▶ **Work to be completed**: Within these entries, which lines include the string "exists"? Copy each one.

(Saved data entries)
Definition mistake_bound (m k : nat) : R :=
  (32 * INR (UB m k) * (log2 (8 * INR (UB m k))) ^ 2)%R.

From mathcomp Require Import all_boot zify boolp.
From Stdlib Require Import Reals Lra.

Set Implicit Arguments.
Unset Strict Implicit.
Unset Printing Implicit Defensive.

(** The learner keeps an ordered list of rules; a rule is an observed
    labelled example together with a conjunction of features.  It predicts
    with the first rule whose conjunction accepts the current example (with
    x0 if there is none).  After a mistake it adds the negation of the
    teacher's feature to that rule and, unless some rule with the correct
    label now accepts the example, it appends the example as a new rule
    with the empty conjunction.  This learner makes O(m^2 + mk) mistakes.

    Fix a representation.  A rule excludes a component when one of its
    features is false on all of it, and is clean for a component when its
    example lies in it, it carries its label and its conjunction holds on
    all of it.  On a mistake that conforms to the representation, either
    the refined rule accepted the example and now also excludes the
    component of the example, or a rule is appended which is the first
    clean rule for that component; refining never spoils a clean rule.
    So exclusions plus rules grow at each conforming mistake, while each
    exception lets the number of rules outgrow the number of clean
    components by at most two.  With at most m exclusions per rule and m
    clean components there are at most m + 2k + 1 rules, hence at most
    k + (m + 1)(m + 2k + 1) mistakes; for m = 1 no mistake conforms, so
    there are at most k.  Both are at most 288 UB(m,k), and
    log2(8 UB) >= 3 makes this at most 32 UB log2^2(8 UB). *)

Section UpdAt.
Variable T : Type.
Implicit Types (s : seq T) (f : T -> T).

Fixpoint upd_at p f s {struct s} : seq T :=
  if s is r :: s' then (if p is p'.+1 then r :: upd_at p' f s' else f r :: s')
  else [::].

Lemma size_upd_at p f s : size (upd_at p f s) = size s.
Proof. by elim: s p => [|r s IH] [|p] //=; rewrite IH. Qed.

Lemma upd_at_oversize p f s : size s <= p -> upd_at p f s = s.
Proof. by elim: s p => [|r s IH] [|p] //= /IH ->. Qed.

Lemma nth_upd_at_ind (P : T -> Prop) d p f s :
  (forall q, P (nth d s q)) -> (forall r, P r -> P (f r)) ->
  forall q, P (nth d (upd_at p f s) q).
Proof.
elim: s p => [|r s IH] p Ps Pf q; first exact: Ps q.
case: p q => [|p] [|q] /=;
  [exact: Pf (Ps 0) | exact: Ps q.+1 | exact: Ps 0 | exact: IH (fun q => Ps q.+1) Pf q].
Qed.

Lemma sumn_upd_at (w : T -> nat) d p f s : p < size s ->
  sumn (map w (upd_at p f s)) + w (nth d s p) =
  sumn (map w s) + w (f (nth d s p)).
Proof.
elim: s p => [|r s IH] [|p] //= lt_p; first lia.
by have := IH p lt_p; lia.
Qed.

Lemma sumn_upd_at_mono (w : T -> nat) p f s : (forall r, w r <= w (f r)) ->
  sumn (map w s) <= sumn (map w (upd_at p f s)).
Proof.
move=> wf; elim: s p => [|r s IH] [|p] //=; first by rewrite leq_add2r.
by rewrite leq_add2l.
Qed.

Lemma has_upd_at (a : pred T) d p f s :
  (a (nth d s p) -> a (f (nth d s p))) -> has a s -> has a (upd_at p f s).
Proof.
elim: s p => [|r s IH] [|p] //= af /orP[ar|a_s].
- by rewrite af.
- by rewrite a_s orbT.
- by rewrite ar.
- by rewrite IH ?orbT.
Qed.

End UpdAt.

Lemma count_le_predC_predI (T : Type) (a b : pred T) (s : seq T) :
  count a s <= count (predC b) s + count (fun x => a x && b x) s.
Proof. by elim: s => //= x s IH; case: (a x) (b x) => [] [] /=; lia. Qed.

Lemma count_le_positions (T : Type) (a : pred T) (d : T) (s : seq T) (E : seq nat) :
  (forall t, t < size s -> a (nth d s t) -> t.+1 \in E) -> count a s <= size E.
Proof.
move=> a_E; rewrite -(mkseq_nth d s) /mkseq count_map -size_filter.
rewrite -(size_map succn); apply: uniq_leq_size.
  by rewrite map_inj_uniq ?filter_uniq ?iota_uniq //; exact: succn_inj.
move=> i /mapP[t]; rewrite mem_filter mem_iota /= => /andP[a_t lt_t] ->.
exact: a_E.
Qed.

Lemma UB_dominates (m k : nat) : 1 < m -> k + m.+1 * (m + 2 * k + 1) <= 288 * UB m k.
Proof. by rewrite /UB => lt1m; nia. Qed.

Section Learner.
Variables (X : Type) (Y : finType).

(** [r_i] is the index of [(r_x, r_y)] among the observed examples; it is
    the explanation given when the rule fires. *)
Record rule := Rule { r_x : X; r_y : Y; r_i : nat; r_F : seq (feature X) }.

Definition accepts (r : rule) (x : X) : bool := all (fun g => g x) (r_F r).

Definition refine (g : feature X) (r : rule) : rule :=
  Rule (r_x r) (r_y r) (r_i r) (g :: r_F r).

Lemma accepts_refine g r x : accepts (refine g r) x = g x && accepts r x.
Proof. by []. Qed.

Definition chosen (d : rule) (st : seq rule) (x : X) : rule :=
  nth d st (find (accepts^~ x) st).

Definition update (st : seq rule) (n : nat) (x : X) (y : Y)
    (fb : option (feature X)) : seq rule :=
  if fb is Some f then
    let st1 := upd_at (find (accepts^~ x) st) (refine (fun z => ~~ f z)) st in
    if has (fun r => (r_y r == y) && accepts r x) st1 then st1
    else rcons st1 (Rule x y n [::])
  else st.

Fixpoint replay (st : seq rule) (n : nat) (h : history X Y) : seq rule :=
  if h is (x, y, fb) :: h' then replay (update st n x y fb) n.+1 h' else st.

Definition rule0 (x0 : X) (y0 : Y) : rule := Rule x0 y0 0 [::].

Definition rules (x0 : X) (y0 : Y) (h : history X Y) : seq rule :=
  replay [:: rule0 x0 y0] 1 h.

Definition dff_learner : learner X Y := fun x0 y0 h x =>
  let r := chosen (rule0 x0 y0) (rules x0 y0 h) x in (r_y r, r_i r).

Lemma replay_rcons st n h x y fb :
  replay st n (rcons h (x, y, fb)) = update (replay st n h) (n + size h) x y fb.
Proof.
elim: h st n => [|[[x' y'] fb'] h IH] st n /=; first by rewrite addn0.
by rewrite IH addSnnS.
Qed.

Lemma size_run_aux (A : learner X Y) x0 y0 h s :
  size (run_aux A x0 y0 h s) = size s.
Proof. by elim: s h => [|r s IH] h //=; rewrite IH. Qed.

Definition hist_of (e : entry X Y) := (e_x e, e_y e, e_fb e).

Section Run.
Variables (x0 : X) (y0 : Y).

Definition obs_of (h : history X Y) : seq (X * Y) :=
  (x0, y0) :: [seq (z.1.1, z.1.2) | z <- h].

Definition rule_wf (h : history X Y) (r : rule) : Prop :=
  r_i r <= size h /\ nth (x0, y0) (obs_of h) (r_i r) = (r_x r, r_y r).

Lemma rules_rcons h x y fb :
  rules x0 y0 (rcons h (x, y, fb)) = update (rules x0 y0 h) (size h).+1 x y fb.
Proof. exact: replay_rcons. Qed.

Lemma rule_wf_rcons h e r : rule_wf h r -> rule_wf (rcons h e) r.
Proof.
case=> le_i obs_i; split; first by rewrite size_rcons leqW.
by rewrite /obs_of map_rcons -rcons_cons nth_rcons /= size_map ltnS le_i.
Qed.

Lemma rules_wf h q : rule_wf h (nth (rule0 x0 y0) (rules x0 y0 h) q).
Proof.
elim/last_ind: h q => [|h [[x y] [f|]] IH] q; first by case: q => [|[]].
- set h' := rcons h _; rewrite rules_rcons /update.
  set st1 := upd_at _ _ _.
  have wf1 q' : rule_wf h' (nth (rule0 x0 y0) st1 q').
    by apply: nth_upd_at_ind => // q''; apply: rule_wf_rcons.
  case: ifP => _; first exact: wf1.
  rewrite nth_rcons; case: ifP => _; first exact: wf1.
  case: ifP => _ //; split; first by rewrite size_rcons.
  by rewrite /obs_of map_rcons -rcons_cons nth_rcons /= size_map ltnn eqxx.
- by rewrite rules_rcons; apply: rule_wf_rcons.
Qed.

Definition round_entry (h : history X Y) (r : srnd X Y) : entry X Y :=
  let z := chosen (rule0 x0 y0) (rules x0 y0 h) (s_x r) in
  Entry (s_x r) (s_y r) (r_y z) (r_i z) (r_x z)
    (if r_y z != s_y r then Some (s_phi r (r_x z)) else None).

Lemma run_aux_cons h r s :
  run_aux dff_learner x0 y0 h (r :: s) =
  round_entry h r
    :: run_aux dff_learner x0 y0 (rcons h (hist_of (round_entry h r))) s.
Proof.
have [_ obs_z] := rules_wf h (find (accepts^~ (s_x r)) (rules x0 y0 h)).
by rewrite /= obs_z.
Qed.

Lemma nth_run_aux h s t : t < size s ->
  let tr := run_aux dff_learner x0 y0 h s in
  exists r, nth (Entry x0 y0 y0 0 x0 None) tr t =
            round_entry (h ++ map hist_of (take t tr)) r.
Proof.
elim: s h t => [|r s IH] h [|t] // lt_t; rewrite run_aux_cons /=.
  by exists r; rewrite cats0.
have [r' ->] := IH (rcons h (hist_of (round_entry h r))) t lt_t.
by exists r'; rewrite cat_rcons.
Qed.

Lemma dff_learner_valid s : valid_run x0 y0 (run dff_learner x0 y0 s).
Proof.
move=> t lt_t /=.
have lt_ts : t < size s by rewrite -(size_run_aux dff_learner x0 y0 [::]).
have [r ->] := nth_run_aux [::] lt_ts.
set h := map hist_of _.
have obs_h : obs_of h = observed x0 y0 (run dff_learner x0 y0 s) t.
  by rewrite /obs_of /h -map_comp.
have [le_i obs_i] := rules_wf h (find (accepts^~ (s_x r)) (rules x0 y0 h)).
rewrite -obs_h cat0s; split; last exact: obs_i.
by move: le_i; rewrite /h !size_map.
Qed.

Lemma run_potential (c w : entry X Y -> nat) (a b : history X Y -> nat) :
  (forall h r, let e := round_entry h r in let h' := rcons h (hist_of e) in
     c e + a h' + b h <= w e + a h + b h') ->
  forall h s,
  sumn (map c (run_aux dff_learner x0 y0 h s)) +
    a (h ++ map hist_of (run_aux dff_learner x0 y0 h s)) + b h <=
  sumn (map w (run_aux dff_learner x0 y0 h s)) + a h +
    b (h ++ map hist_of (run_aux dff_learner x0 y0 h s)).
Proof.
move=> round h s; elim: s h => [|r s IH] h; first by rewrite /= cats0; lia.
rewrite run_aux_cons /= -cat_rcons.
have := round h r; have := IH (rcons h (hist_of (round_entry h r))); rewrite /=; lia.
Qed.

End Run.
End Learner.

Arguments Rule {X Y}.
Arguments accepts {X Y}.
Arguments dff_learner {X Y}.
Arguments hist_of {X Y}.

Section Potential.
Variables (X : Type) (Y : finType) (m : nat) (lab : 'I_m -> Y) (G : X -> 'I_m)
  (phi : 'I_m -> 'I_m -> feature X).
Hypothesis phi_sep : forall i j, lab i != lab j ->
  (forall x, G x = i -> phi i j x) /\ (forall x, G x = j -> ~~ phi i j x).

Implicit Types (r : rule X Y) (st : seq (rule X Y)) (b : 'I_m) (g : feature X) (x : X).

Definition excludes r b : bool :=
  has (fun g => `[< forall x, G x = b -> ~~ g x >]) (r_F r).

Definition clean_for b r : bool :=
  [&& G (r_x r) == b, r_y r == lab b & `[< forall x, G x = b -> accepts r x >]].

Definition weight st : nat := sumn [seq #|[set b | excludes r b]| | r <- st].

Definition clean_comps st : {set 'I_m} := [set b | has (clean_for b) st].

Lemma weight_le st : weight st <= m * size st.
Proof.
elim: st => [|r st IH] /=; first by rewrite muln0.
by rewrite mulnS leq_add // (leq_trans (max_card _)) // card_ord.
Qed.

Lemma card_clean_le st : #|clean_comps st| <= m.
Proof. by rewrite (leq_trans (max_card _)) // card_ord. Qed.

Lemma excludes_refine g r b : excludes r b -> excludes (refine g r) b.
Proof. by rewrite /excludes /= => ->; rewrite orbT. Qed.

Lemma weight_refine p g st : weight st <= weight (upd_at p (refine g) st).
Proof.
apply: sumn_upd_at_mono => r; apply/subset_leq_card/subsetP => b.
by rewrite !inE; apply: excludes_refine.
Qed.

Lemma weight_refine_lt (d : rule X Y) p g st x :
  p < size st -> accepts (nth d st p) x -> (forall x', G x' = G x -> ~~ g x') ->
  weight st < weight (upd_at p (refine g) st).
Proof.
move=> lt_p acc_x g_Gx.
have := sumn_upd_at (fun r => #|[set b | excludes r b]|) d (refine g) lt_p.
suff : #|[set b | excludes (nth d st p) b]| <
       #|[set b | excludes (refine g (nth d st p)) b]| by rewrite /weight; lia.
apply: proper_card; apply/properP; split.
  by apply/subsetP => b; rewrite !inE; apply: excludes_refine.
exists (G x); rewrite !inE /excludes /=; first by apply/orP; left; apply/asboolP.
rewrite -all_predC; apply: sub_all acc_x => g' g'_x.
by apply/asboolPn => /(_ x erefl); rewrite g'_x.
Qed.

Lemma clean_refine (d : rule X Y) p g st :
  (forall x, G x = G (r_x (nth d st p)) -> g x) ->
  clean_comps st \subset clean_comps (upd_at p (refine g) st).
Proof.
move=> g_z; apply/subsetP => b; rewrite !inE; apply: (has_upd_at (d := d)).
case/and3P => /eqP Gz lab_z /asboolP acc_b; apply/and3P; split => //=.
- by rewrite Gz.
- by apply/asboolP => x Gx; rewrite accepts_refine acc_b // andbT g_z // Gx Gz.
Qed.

...

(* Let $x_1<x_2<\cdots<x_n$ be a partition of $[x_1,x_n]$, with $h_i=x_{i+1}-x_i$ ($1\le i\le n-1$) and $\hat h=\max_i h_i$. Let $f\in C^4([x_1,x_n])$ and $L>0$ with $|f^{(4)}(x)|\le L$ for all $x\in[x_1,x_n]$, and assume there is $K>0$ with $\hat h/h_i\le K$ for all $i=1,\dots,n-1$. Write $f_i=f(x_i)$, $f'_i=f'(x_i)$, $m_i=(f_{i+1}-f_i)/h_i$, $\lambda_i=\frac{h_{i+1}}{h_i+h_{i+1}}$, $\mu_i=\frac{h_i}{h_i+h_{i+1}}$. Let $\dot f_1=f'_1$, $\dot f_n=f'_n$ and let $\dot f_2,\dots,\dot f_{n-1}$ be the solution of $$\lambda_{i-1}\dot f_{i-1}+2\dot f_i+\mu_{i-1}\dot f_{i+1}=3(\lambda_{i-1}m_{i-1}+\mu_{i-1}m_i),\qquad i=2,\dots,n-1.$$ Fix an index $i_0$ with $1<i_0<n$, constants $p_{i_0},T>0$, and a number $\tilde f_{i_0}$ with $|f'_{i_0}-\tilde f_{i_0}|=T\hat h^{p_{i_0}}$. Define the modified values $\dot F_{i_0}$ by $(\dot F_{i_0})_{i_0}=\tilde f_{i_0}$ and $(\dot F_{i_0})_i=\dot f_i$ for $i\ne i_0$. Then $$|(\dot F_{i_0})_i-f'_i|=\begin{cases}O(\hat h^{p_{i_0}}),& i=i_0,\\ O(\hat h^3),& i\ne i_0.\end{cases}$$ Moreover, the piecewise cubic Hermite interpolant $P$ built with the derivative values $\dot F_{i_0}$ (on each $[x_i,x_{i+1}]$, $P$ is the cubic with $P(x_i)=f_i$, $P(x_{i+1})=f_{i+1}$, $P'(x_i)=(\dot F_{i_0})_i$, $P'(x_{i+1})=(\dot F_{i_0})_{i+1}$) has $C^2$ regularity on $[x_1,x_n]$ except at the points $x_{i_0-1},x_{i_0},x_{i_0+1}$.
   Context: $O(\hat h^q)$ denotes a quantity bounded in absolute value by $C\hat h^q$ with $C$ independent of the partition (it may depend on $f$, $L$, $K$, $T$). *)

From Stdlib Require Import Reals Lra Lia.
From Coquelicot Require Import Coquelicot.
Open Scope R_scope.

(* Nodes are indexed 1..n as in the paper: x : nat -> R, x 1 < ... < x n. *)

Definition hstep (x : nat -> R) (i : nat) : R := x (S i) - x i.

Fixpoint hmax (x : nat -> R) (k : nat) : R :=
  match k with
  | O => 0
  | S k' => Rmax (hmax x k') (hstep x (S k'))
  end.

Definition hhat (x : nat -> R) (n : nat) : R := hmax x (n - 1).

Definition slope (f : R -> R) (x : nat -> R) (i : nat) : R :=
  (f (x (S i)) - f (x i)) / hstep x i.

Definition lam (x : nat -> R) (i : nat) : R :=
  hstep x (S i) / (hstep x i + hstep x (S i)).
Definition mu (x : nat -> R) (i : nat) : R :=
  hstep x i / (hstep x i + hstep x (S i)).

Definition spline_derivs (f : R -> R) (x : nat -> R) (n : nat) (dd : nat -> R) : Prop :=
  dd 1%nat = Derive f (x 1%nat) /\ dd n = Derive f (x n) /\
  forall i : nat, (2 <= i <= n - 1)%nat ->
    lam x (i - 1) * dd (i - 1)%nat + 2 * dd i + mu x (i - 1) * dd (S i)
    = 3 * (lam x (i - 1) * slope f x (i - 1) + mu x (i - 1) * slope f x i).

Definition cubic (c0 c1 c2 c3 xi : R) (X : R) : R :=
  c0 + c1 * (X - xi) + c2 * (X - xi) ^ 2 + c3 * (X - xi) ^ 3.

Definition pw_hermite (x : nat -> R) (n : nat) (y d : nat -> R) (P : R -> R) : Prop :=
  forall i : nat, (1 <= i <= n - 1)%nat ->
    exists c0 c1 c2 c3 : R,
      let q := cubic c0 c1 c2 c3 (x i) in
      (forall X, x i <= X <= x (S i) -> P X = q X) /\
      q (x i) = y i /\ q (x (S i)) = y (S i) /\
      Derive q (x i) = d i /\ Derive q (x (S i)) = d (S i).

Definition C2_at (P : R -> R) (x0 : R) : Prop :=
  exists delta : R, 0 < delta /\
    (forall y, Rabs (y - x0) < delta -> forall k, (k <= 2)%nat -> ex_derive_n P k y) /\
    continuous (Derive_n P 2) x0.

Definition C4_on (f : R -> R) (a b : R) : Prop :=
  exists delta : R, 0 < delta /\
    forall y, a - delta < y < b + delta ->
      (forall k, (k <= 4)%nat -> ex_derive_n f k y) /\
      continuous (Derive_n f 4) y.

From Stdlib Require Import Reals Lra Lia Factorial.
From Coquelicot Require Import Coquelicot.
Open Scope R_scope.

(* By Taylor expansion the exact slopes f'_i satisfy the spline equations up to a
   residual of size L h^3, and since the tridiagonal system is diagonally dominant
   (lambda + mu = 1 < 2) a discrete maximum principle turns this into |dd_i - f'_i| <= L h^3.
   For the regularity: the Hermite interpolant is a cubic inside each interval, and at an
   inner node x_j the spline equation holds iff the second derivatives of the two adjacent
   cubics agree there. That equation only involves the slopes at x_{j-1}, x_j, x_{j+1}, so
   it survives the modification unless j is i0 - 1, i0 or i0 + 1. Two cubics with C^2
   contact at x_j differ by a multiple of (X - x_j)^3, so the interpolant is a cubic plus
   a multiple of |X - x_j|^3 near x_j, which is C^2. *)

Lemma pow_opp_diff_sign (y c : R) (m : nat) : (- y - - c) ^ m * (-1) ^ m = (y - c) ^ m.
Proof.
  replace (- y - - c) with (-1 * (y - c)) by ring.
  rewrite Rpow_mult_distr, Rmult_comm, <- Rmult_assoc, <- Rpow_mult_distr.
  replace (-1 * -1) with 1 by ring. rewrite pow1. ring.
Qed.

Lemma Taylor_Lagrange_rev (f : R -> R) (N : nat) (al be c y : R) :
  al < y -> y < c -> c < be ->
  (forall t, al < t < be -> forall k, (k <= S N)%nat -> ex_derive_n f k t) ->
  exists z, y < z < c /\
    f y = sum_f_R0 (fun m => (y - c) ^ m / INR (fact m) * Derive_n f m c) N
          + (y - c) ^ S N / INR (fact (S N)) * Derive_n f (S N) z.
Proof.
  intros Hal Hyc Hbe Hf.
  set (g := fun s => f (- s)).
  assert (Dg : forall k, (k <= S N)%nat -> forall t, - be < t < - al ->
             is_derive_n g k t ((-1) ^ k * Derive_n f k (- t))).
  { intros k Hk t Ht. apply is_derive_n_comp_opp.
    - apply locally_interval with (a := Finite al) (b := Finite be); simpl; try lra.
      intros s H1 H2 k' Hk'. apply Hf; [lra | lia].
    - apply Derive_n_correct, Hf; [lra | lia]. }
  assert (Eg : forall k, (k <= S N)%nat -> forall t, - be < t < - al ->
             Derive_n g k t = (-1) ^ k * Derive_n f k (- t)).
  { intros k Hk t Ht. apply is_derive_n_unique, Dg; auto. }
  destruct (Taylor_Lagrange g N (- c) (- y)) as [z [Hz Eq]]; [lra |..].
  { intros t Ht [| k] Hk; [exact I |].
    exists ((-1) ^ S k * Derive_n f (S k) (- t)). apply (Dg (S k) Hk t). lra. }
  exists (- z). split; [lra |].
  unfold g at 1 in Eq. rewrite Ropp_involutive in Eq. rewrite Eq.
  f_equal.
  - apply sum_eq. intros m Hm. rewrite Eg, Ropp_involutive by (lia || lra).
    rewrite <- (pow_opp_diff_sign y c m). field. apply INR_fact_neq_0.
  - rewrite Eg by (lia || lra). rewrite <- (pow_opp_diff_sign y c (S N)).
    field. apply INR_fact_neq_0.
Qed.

▶ **Your response**:
  exists r, nth (Entry x0 y0 y0 0 x0 None) tr t =
  by exists r; rewrite cats0.
by exists r'; rewrite cat_rcons.
exists (G x); rewrite !inE /excludes /=; first by apply/orP; left; apply/asboolP.
    exists c0 c1 c2 c3 : R,
  exists delta : R, 0 < delta /\
  exists delta : R, 0 < delta /\
  exists z, y < z < c /\
    exists ((-1) ^ S k * Derive_n f (S k) (- t)). apply (Dg (S k) Hk t). lra. }
  exists (- z). split; [lra |].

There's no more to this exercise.